Cosmogenesis as symmetry transformation

We consider the quantized bi-scalar gravity, which may serve as a locally Lorentz invariant cosmological model with varying speed of light and varying gravitational constant. The equation governing the quantum regime for the case of homogeneous and isotropic cosmological setup is a Dirac-like equation which replaces the standard Wheeler-DeWitt equation. We show that particular cosmogenesis may occur as a result of the action of the symmetry transformation which due to Wigner's theorem can either be unitary or antiunitary. We demonstrate that the transition from the pre-big-bang contraction to the post-big-bang expansion - a scenario that also occurs in string quantum cosmologies - can be attributed to the action of charge conjugation, which belongs to the class of antiunitary transformations.

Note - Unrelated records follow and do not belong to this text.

Lemma Fp_expf_pred (x : 'F_p) : x != 0 -> x ^+ p.-1 = 1.
Proof. by move=> x0; have := finField_expf_card_pred x0; rewrite card_Fp. Qed.

Lemma Fp_expf_half (x : 'F_p) : x != 0 -> x ^+ p./2 = 1 \/ x ^+ p./2 = -1.
Proof.
move=> x0; have := Fp_expf_pred x0; rewrite predn_half_double exprM => /eqP.
by rewrite sqrf_eq1 => /orP[] /eqP; [left | right].
Qed.

Lemma Fp_prim_root : exists g : 'F_p, (p.-1).-primitive_root g.
Proof. by have [g] := finField_prim_root 'F_p; rewrite card_Fp //; exists g. Qed.

Lemma Fp_euler_criterion (x : 'F_p) :
  x != 0 -> (exists y, y ^+ 2 = x) <-> x ^+ p./2 = 1.
Proof.
move=> x0; split.
  case=> y y2x; have y0 : y != 0 by apply: contraNneq x0 => y0; rewrite -y2x y0 expr0n.
  by rewrite -y2x -exprM mulnC -predn_half_double Fp_expf_pred.
move=> x_half; have [g g_prim] := Fp_prim_root.
have [[i _] /= xgi] := prim_rootP g_prim (Fp_expf_pred x0).
move: x_half; rewrite xgi -exprM => /eqP.
rewrite -(prim_order_dvd g_prim) predn_half_double [(i * _)%N]mulnC.
rewrite dvdn_pmul2l ?half_prime_gt0 // => /dvdnP[j ->].
by exists (g ^+ j); rewrite -exprM mulnC.
Qed.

We also demonstrate that the emergence of the two classical expanding post-big-bang universe-antiuniverse pairs, each with opposite spin projections, can be understood as being triggered by the action of a unitary transformation resembling the Hadamard gate.

Automated summary

This paper investigates quantized bi-scalar gravity as a locally Lorentz invariant cosmological model. It demonstrates that specific cosmogenesis and the transition from pre-big-bang contraction to post-big-bang expansion can occur due to the action of symmetry transformations, such as unitary or antiunitary transformations. The role of charge conjugation and a unitary transformation resembling the Hadamard gate are also discussed.